Lemma rdiag_congr_uniform n (s d : 'I_n -> R) (G : 'M[C]_n) :
  (forall i, s i ^+ 2 = d i) -> \sum_i d i = 1 -> unimodular_hull G ->
  uniform_decomposable (rdiag s *m G *m rdiag s) d.
Proof.
move=> sd d_sum; elim=> {G} [x x_unimod | A B t t01 _ decA _ decB].
  have psi_sqmod i : sqmod ((rdiag s *m x) i ord0) = d i.
    by rewrite mul_diag_mx !mxE sqmod_realM x_unimod mulr1.
  rewrite mulmxA -{2}adjmx_rdiag -mulmxA -adjmxM.
  apply: uniform_decomposable_rank1 => //.
  by rewrite /unit_vector; under eq_bigr do rewrite psi_sqmod.
rewrite mulmxDr mulmxDl -!scalemxAr -!scalemxAl.
exact: uniform_decomposable_mix.
Qed.

Definition correlation_mx n (G : 'M[C]_n) :=
  [/\ adjmx G = G, psd_mx G & forall i, G i i = 1].

Section CorrelationOfPsd.
Variables (n : nat) (rho : 'M[C]_n).
Hypotheses (rho_herm : adjmx rho = rho) (rho_psd : psd_mx rho).

Definition sqrt_diag (i : 'I_n) : R := Num.sqrt (complex.Re (rho i i)).

Let s := sqrt_diag.

(* [(s i)^-1] is [0] when [s i = 0]; the second summand then puts the missing
   [1] on the diagonal. *)
Definition corr_mx : 'M[C]_n :=
  rdiag (fun i => (s i)^-1) *m rho *m rdiag (fun i => (s i)^-1)
  + rdiag (fun i => (s i == 0)%:R).

Lemma psd_diagE i : rho i i = (s i ^+ 2)%:C.
Proof.
have := psd_mx_diag_ge0 i rho_psd; rewrite lecE /= => /andP[/eqP Im0 Re_ge0].
by rewrite /s /sqrt_diag sqr_sqrtr //; case: (rho i i) Im0 => ? ? /= ->.
Qed.

Lemma corr_mxE i j :
  corr_mx i j = (s i)^-1%:C * rho i j * (s j)^-1%:C + (s i == 0)%:R%:C *+ (i == j).
Proof. by rewrite mxE rdiag_congrE rdiagE. Qed.

Lemma corr_mx_correlation : correlation_mx corr_mx.
Proof.
split.
- by rewrite /corr_mx adjmxD !adjmxM !adjmx_rdiag rho_herm mulmxA.
- apply: psd_mxD; first by rewrite -{1}adjmx_rdiag; apply: psd_mx_congr.
  have -> : rdiag (fun i => (s i == 0)%:R) =
            adjmx (rdiag (fun i => (s i == 0)%:R)) *m rdiag (fun i => (s i == 0)%:R).
    apply/matrixP => i j; rewrite adjmx_rdiag mul_diag_mx !mxE.
    by case: (s i == 0); case: (i == j); rewrite ?mulr1n ?mulr0n ?mul1r ?mul0r.
  exact: psd_mx_gram.
- move=> i; rewrite corr_mxE eqxx mulr1n psd_diagE.
  have [->|s_neq0] := eqVneq (s i) 0; first by rewrite invr0 !mul0r add0r.
  rewrite addr0 -!rmorphM /= expr2 mulrA mulVf // mul1r mulfV //.
Qed.

Lemma corr_mx_congr : rdiag s *m corr_mx *m rdiag s = rho.
Proof.
apply/matrixP => i j; rewrite rdiag_congrE corr_mxE.
have [si0|si_neq0] := eqVneq (s i) 0.
  by rewrite si0 mul0r psd_mx_entry_eq0 ?mul0r // psd_diagE si0 expr0n.
have [sj0|sj_neq0] := eqVneq (s j) 0.
  rewrite sj0 mulr0 (hermitianE j i rho_herm) psd_mx_entry_eq0 ?conjc0 //.
  by rewrite psd_diagE sj0 expr0n.
rewrite [X in _ + X](_ : _ = 0) ?addr0; last by case: (i == j).
rewrite !fmorphV; field.
by rewrite !fmorph_eq0 si_neq0 sj_neq0.
Qed.

End CorrelationOfPsd.

Lemma density_uniform_decomposable n (rho : 'M[C]_n) :
  density_matrix rho -> unimodular_hull (corr_mx rho) ->
  uniform_decomposable rho (fun i => complex.Re (rho i i)).
Proof.
case=> herm [psd tr1] hull; rewrite -{1}(corr_mx_congr herm psd).
apply: rdiag_congr_uniform hull => [i|]; first by rewrite (psd_diagE psd).
by rewrite -Re_sum; move: tr1; rewrite /mxtrace => ->.
Qed.

(** * Correlation matrices of order two and three *)

Lemma unit_circle_chord (z e : C) : sqmod z <= 1 -> sqmod e = 1 ->
  exists t s1 s2, [/\ 0 <= t <= 1, sqmod (z + s1%:C * e) = 1,
    sqmod (z + s2%:C * e) = 1 & t * s1 + (1 - t) * s2 = 0].
Proof.
case: z e => [z1 z2] [e1 e2]; rewrite /sqmod /= => hz he.
set r := z1 * e1 + z2 * e2.
set dd := r ^+ 2 + 1 - (z1 ^+ 2 + z2 ^+ 2).
have dd_ge0 : 0 <= dd by rewrite /dd; nra.
set sq := Num.sqrt dd.
have sq2 : sq ^+ 2 = dd by rewrite /sq sqr_sqrtr.
have sq_ge0 : 0 <= sq by rewrite /sq sqrtr_ge0.
have on_circle s : s = - r - sq \/ s = - r + sq ->
    (z1 + (s * e1 - 0 * e2)) ^+ 2 + (z2 + (s * e2 + 0 * e1)) ^+ 2 = 1.
  move=> hs; rewrite !mul0r subr0 addr0.
  have -> : (z1 + s * e1) ^+ 2 + (z2 + s * e2) ^+ 2
      = (z1 ^+ 2 + z2 ^+ 2) + 2 * s * r + s ^+ 2 * (e1 ^+ 2 + e2 ^+ 2) by rewrite /r; ring.
  by rewrite he; case: hs => ->; rewrite /dd in sq2; nra.
exists (if sq == 0 then 1 else (sq - r) / (2 * sq)), (- r - sq), (- r + sq).
have [sq0|sq_neq0] := eqVneq sq 0.
  have r0 : r = 0 by rewrite sq0 /dd in sq2; nra.
  split; [lra | exact: on_circle (or_introl _) | exact: on_circle (or_intror _) |].
  by rewrite sq0 r0; ring.
have sq_gt0 : 0 < sq by rewrite lt_neqAle eq_sym sq_neq0.
have r_bound : - sq <= r <= sq by apply/andP; split; rewrite /dd in sq2; nra.
split; [| exact: on_circle (or_introl _) | exact: on_circle (or_intror _) | by field].
apply/andP; split; first by rewrite divr_ge0 //; lra.
by rewrite ler_pdivrMr; lra.
Qed.

Lemma unit_disk_convex (y : C) : sqmod y <= 1 ->
  exists r (w1 w2 : C), [/\ 0 <= r <= 1, sqmod w1 = 1, sqmod w2 = 1 &
    y = r%:C * w1 + (1 - r)%:C * w2].
Proof.
move=> hy; have unit1 : sqmod (1 : C) = 1 by rewrite /sqmod /=; ring.
have [r [s1 [s2 [r01 h1 h2 hrs]]]] := unit_circle_chord hy unit1.
exists r, (y + s1%:C * 1), (y + s2%:C * 1); split=> //.
rewrite !mulr1 -[y in LHS]addr0 -(rmorph0 (real_complex R)) -hrs.
by rewrite !rmorphD !rmorphM rmorphB /=; ring.
Qed.

Lemma exists_unit_orthogonal (u : C) :
  exists e : C, sqmod e = 1 /\ complex.Re (u * e) = 0.
Proof.
have [u0|u_neq0] := eqVneq (sqmod u) 0.
  by exists 1; rewrite sqmod_real expr1n (sqmod_eq0 u0) mul0r.
have [nu nu2 nu_neq0] : exists2 nu : R, nu ^+ 2 = sqmod u & nu != 0.
  exists (Num.sqrt (sqmod u)); first by rewrite sqr_sqrtr // sqmod_ge0.
  by rewrite sqrtr_eq0 -ltNge lt_neqAle eq_sym u_neq0 sqmod_ge0.
case: u nu2 {u_neq0} => u1 u2 nu2.
exists ((u2 / nu) +i* (u1 / nu)); split; last by rewrite /=; field.
rewrite /sqmod /= in nu2 *; rewrite !expr_div_n -mulrDl addrC -nu2 divff //.
by rewrite expf_neq0.
Qed.

Lemma ord2P (i : 'I_2) : i = ord0 \/ i = ord_max.
Proof. by case: i => [[|[|k]] hk]; [left | right | by []]; apply: val_inj. Qed.

Definition corr2 (a : C) : 'M[C]_2 :=
  \matrix_(i, j) if i == j then 1 else if i == ord0 then a else a^*.

Lemma correlation2E (G : 'M[C]_2) : correlation_mx G -> G = corr2 (G ord0 ord_max).
Proof.
case=> herm _ diag1; apply/matrixP => i j; rewrite !mxE.
by case: (ord2P i) => ->; case: (ord2P j) => -> //=; rewrite (hermitianE _ _ herm).
Qed.

Lemma corr2_mix (t : R) (a1 a2 : C) :
  corr2 (t%:C * a1 + (1 - t)%:C * a2) = t%:C *: corr2 a1 + (1 - t)%:C *: corr2 a2.
Proof.
apply/matrixP => i j; rewrite !mxE.
by case: (ord2P i) => ->; case: (ord2P j) => -> /=; rewrite ?conjc_comb ?real_comb1.
Qed.

Lemma corr2_unimodular (w : C) : sqmod w = 1 ->
  corr2 w = \col_(i < 2) (if i == ord0 then 1 else w^*)
    *m adjmx (\col_(i < 2) (if i == ord0 then 1 else w^*)).
Proof.
case: w => w1 w2; rewrite /sqmod /= expr2 [w2 ^+ 2]expr2 => w_unit.
apply/matrixP => i j; rewrite !mxE big_ord1 !mxE.
by case: (ord2P i) => ->; case: (ord2P j) => -> /=; simpc;
  apply/eqP; rewrite eq_complex /= ?w_unit; apply/andP; split; apply/eqP; ring.
Qed.

Lemma corr2_hull_unimodular (w : C) : sqmod w = 1 -> unimodular_hull (corr2 w).
Proof.
move=> w_unit; rewrite corr2_unimodular //; apply: UHull_rank1 => i; rewrite mxE.
by case: (_ == _); rewrite ?sqmod_conj // sqmod_real expr1n.
Qed.

Lemma correlation2_hull (G : 'M[C]_2) : correlation_mx G -> unimodular_hull G.
Proof.
move=> corrG; have [herm psdG diag1] := corrG.
rewrite (correlation2E corrG); set a := G ord0 ord_max.
have a_le1 : sqmod a <= 1.
  move: (psdG (- a *: delta_mx ord0 0 + delta_mx ord_max 0)).
  rewrite psd_mx_pairE !diag1 (hermitianE ord0 ord_max herm) -/a lecE => /andP[_].
  by rewrite /sqmod; case: a => a1 a2; simpc; rewrite /=; lra.
have [r [w1 [w2 [r01 w1_unit w2_unit ->]]]] := unit_disk_convex a_le1.
by rewrite corr2_mix; apply: UHull_mix => //; apply: corr2_hull_unimodular.
Qed.

Definition ord3_1 : 'I_3 := Ordinal (isT : (1 < 3)%N).

Lemma ord3P (i : 'I_3) : [\/ i = ord0, i = ord3_1 | i = ord_max].
Proof.
by case: i => [[|[|[|k]]] hk]; [apply: Or31 | apply: Or32 | apply: Or33 | by []];
  apply: val_inj.
Qed.

Definition corr3 (a b c : C) : 'M[C]_3 := \matrix_(i, j)
  if i == j then 1
  else if i == ord0 then (if j == ord3_1 then a else b)
  else if j == ord0 then (if i == ord3_1 then a^* else b^*)
  else if i == ord3_1 then c else c^*.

═══

- _What is being asked_: Your answer should consist only of the number of lines in the entries above that include "matrixP".

- _The completed task_: 5